▶ Given data:
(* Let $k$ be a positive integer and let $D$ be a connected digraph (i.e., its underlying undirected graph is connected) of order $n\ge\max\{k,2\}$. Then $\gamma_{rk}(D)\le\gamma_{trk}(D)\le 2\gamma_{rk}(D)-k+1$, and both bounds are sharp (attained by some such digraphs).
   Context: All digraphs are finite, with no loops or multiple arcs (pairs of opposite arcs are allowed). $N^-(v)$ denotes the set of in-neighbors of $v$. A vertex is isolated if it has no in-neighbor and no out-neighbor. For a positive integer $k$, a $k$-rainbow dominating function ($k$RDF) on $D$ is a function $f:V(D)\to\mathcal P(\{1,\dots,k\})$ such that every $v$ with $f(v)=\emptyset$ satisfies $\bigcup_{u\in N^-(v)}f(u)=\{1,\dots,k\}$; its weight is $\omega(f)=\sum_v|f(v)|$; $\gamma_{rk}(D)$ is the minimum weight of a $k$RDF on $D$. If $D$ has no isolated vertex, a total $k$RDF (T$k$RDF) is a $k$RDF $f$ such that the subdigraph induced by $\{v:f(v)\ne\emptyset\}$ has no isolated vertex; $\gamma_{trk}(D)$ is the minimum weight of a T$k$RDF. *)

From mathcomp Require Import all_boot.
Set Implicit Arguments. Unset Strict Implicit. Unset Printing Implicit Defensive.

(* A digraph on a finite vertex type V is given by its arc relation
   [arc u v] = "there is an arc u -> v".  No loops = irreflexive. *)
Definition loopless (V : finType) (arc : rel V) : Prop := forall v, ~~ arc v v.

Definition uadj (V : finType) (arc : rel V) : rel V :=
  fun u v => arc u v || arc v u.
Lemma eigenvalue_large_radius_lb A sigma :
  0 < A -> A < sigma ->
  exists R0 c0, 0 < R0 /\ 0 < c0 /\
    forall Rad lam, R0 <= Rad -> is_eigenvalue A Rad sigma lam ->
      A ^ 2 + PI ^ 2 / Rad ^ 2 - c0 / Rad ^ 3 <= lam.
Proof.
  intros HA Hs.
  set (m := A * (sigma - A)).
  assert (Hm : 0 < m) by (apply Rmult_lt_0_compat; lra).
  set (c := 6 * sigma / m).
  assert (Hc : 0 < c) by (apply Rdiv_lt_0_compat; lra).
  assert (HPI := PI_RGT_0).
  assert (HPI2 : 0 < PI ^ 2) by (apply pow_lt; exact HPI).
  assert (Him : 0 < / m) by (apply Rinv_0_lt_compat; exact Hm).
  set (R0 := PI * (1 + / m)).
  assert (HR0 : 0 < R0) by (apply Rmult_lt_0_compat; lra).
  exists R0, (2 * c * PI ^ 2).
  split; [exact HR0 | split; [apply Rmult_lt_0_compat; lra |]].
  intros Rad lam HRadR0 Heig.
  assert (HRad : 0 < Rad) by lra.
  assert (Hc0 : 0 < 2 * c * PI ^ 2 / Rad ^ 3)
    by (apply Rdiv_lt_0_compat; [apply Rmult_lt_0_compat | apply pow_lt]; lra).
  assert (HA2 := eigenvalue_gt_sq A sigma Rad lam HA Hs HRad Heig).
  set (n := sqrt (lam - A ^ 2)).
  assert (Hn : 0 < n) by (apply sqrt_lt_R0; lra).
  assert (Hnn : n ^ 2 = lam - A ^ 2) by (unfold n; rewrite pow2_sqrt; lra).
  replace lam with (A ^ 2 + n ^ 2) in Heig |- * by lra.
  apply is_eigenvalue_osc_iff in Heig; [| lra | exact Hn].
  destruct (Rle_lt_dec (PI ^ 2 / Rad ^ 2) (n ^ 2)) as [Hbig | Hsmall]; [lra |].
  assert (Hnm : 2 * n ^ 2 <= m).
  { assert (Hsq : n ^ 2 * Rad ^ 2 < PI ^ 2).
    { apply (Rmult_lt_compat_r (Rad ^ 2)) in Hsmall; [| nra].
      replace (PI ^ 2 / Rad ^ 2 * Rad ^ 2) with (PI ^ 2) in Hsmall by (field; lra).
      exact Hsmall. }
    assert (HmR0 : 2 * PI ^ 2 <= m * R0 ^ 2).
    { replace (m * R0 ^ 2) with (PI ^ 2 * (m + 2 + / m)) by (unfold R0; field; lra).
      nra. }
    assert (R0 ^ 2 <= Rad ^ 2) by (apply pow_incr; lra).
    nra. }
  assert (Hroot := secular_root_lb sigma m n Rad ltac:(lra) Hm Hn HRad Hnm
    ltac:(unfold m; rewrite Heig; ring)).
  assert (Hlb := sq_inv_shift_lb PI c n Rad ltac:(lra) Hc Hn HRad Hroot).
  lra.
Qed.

--

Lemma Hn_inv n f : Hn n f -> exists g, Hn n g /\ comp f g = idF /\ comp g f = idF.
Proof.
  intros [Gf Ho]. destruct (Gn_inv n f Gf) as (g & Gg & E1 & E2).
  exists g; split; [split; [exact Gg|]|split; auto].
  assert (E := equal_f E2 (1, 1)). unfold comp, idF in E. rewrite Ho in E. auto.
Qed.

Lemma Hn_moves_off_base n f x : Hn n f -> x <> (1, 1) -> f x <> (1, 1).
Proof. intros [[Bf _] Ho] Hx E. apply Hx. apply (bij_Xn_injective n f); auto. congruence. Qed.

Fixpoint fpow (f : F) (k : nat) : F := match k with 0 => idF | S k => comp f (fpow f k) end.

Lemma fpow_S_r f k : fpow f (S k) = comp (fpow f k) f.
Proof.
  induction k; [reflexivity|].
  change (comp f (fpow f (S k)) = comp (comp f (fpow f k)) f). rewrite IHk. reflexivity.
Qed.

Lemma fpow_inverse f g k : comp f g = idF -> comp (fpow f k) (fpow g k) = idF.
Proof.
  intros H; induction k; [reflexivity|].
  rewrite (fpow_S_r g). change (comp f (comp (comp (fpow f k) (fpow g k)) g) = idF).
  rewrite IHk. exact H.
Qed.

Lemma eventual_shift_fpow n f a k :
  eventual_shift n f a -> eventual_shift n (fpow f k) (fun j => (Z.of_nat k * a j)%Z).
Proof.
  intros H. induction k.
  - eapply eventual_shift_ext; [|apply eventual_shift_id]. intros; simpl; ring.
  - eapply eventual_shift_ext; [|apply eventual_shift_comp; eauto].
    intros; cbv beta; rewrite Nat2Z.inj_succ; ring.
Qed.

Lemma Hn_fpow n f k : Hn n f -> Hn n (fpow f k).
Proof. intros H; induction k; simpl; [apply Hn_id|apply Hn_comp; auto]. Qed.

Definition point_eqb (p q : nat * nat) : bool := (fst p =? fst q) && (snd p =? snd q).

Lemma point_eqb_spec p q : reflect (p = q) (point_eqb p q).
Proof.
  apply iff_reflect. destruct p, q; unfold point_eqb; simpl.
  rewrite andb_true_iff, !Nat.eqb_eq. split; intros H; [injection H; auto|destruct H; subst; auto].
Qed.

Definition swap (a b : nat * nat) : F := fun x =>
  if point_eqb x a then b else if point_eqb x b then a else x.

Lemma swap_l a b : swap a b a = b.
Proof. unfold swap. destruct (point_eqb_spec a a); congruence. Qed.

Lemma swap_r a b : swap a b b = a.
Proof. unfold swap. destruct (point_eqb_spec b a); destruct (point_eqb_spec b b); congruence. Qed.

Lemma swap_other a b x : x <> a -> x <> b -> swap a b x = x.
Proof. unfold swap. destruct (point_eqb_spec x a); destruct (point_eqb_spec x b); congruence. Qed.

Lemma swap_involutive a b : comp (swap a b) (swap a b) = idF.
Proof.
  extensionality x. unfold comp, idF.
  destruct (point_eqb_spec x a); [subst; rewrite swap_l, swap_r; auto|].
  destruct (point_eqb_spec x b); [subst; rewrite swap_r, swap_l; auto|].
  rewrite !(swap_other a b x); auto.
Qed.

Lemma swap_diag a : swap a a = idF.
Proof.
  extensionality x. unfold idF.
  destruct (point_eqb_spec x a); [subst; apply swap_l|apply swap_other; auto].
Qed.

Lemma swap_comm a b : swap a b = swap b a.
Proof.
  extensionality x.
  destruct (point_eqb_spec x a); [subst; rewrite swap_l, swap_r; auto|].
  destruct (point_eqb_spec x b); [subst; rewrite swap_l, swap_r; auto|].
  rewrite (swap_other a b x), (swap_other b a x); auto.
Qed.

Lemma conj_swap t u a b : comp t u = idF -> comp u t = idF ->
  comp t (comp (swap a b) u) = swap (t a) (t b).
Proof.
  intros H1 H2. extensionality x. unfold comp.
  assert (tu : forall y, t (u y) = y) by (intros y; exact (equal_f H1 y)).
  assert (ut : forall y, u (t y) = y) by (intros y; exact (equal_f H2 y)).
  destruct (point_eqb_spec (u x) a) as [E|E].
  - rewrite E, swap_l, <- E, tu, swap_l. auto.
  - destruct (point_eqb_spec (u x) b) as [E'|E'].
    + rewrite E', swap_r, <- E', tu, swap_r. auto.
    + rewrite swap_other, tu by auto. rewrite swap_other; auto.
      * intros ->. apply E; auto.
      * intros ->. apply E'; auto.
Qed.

▶ Exercise objective:
Which lines in the data above contain "ring"? Show each one.

▶ Response box:
    ltac:(unfold m; rewrite Heig; ring)).
  - eapply eventual_shift_ext; [|apply eventual_shift_id]. intros; simpl; ring.
    intros; cbv beta; rewrite Nat2Z.inj_succ; ring.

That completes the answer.